Monday, Dec. 08, 1930

The New Pictures

Viennese Nights (Warner). On every costume plate and scene design used in making Viennese Nights appeared the work "Oksroh"--a word meaning that the article on which it was placed had been approved by Sigmund Romberg and Oscar Hammerstein, authors of the story and the music. Although this kind of supervision--a reaction from a period when the cinema was condemned for giving authors nothing to say at all--is merely a mannerism of the studio, the picture is satisfactory. It succeeds principally because of its music, on which Romberg and Hammerstein did not have to pass judgment since they had created it. Audiences will hum "In Vienna" and "We Make a Happy Pair." The story, full of reminiscences of three generations of operetta, is concerned with a cobbler's daughter who has two military lovers--a lieutenant and a drummer. Silliest idea: Vivienne Segal's frustrated love for the drummer reborn in her grandchild who falls in love with the drummer's grandchild who has made symphonic arrangements out of his grandfather's songs.

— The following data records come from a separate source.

(* Let $(A,\mu,E,\Delta,\epsilon)$ be a regular weak multiplier bialgebra over a field. Then for all $a,b\in A$: (1) if $T_3(a\otimes b)=\sum_i x_i\otimes y_i$ then $\sum_i y_i\,\overline\sqcap^L(x_i)=ba$; (2) if $T_4(a\otimes b)=\sum_i x_i\otimes y_i$ then $\sum_i \overline\sqcap^R(y_i)\,x_i=ba$; (3) if $T_1(a\otimes b)=\sum_i x_i\otimes y_i$ then $\sum_i \sqcap^L(x_i)\,y_i=ab$; (4) if $T_2(a\otimes b)=\sum_i x_i\otimes y_i$ then $\sum_i x_i\,\sqcap^R(y_i)=ab$. (That is, $\mu^{\mathrm{op}}(\overline\sqcap^L\otimes\mathrm{id})T_3=\mu^{\mathrm{op}}$, $\mu^{\mathrm{op}}(\mathrm{id}\otimes\overline\sqcap^R)T_4=\mu^{\mathrm{op}}$, $\mu(\sqcap^L\otimes\mathrm{id})T_1=\mu$, $\mu(\mathrm{id}\otimes\sqcap^R)T_2=\mu$, with $\mu^{\mathrm{op}}(x\otimes y)=yx$.)
   Context: Let $k$ be a field. A non-unital $k$-algebra $A$ is idempotent if its multiplication $\mu$ is surjective and has non-degenerate multiplication if ($ab=0\ \forall a$)$\Rightarrow b=0$ and ($ba=0\ \forall a$)$\Rightarrow b=0$. $\mathbb M(A)$ is its multiplier algebra (pairs $(\lambda,\rho)$ of linear maps $A\to A$ with $a\lambda(b)=\rho(a)b$), a unital algebra containing $A$ as a dense ideal; $A\otimes A\subseteq\mathbb M(A\otimes A)$. Multiplicative $\gamma:A\to\mathbb M(B)$ with idempotent $e\in\mathbb M(B)$, $\langle\gamma(a)b\rangle=eB$, $\langle b\gamma(a)\rangle=Be$ ($\langle\,\rangle$=span) extends uniquely to multiplicative $\overline\gamma:\mathbb M(A)\to\mathbb M(B)$ with $\overline\gamma(1)=e$. A weak multiplier bialgebra: idempotent $A$ with non-degenerate multiplication, idempotent $E\in\mathbb M(A\otimes A)$, multiplicative linear $\Delta:A\to\mathbb M(A\otimes A)$, linear $\epsilon:A\to k$ with: (i) $T_1(a\otimes b):=\Delta(a)(1\otimes b)$, $T_2(a\otimes b):=(a\otimes1)\Delta(b)$ lie in $A\otimes A$; (ii) $(T_2\otimes\mathrm{id})(\mathrm{id}\otimes T_1)=(\mathrm{id}\otimes T_1)(T_2\otimes\mathrm{id})$; (iii) $(\epsilon\otimes\mathrm{id})T_1=\mu=(\mathrm{id}\otimes\epsilon)T_2$; (iv) $\langle\Delta(a)(b\otimes b')\rangle=\langle E(b\otimes b')\rangle$, $\langle(b\otimes b')\Delta(a)\rangle=\langle(b\otimes b')E\rangle$; (v) $(E\otimes1)(1\otimes E)=E^{(3)}=(1\otimes E)(E\otimes1)$ with $E^{(3)}:=(\overline{\mathrm{id}\otimes\Delta})(E)=(\overline{\Delta\otimes\mathrm{id}})(E)$; (vi) $(\epsilon\otimes\mathrm{id})((1\otimes a)E(b\otimes c))=(\epsilon\otimes\mathrm{id})(\Delta(a)(b\otimes c))$ and $(\epsilon\otimes\mathrm{id})((a\otimes b)E(1\otimes c))=(\epsilon\otimes\mathrm{id})((a\otimes b)\Delta(c))$. It is regular if moreover $T_3(a\otimes b):=(1\otimes b)\Delta(a)$ and $T_4(a\otimes b):=\Delta(b)(a\otimes1)$ lie in $A\otimes A$ for all $a,b$. For $a\in A$ define multipliers: $\overline\sqcap^L(a)$ by $\overline\sqcap^L(a)b=(\epsilon\otimes\mathrm{id})((a\otimes1)\Delta(b))$, $b\overline\sqcap^L(a)=(\epsilon\otimes\mathrm{id})((a\otimes b)E)$; $\overline\sqcap^R(a)$ by $b\overline\sqcap^R(a)=(\mathrm{id}\otimes\epsilon)(\Delta(b)(1\otimes a))$, $\overline\sqcap^R(a)b=(\mathrm{id}\otimes\epsilon)(E(b\otimes a))$; $\sqcap^L(a)$ by $\sqcap^L(a)b=(\epsilon\otimes\mathrm{id})(E(a\otimes b))$, $b\sqcap^L(a)=(\epsilon\otimes\mathrm{id})(\Delta(b)(a\otimes1))$; $\sqcap^R(a)$ by $b\sqcap^R(a)=(\mathrm{id}\otimes\epsilon)((b\otimes a)E)$, $\sqcap^R(a)b=(\mathrm{id}\otimes\epsilon)((1\otimes a)\Delta(b))$. *)

From HB Require Import structures.
From mathcomp Require Import all_boot all_algebra.
Set Implicit Arguments. Unset Strict Implicit. Unset Printing Implicit Defensive.
Import GRing.Theory.
Local Open Scope ring_scope.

Just Imagine (Fox). In 1980, food will be pills; wives will be given out by the State; airplanes will have supplanted automobiles; skyscrapers will be 100 stories high; people will have numbers instead of names; television will make tom-peeping completely, universally possible; any mention of the prim old-fashioned girls of 1930 will be regarded as funny. In 1980, however, musical comedies will still be full of jokes that have been doing service for years; songs will not have improved; heroines will be coy and leading men pompous. These suggestions spectators will absorb from De Sylva, Brown & Henderson's mechanically amusing musi-comedy. A theme which has been useful to H. G. Wells and Jules Verne they have executed in the fantasies of a tired vaudeville booking-agent. Just Imagine is much too long, and in spite of all that Marjorie White and John Garrick can do, it is boring. Best sequence: the trip to Mars in a vast airplane, with Comedian El Brendel as stowaway.

Derelict (Paramount). George Bancroft and that William Boyd who, to distinguish him from another star of the same name, is generally referred to as "the incomparable Sergeant Quirt in the stage version of What Price Glory," fight each other in many seaports and on ships for the favors of Jessie Royce Landis. They are first mates on boats of the. same line. Bancroft is the first mate who really loves the girl. Boyd is the nasty first mate. The melodramatic episodes arranged for them are well directed and plausible for this kind of thing. Best shot: a storm at sea. with tons of water hitting a ship in a way which, for the first time in pictures, will give inland audiences an idea of what a sea storm is like.

After a little while at Tome School and at Annapolis where he stroked his class crew, George Bancroft became an actor. Like other actors from the East, he went into pictures to play western villains. In Driven he was billed as The Smiling Villain. Smiling villainy became his specialty. When Underworld set box-office records and a fashion for crook stories, he was made a star. Looking younger than his age (43) he earns about $5,000 per week, takes a swim every day, has a mild aptitude for humorous anecdotes which he acts out gravely as he goes along. Last spring he was implicated in a charge of breaking the jaw of one Rutger Bleecker Jr. It was rumored that when patrons of a roadhouse were praising Bancroft, Bleecker, small but unabashed, strode to his table, said: "Personally, I think you're lousy." The case was dismissed.

Min and Bill (Metro-Goldwyn-Mayer). This is better than most program pictures because it does not fit completely into any standard classifications. It is not a melodrama or a farce, but something between. Marie Dressier as proprietress of a boarding house on the wharfs, Wallace Beery as her star boarder and sweetheart, have some good lines. Sometimes they act competently and sometimes they burlesque with unconscious ludicrousness; particularly Miss Dressier who, made a star because of the extravagant praise given her for her work in bit-parts (TIME, July 28), has now kept on making bit-parts out of roles in which she was supposed to star. How well Min and Bill will register in its present form remains questionable, although it is fortified by long sequences of slapstick such as a six-minute fight in which Min hits Bill with a variety of objects, including porcelain bedroom utensils. Best acting: Dorothy Jordan as the girl whom Miss Dressier has taken care of since her mother, a prostitute in the next town, left her in the boarding house.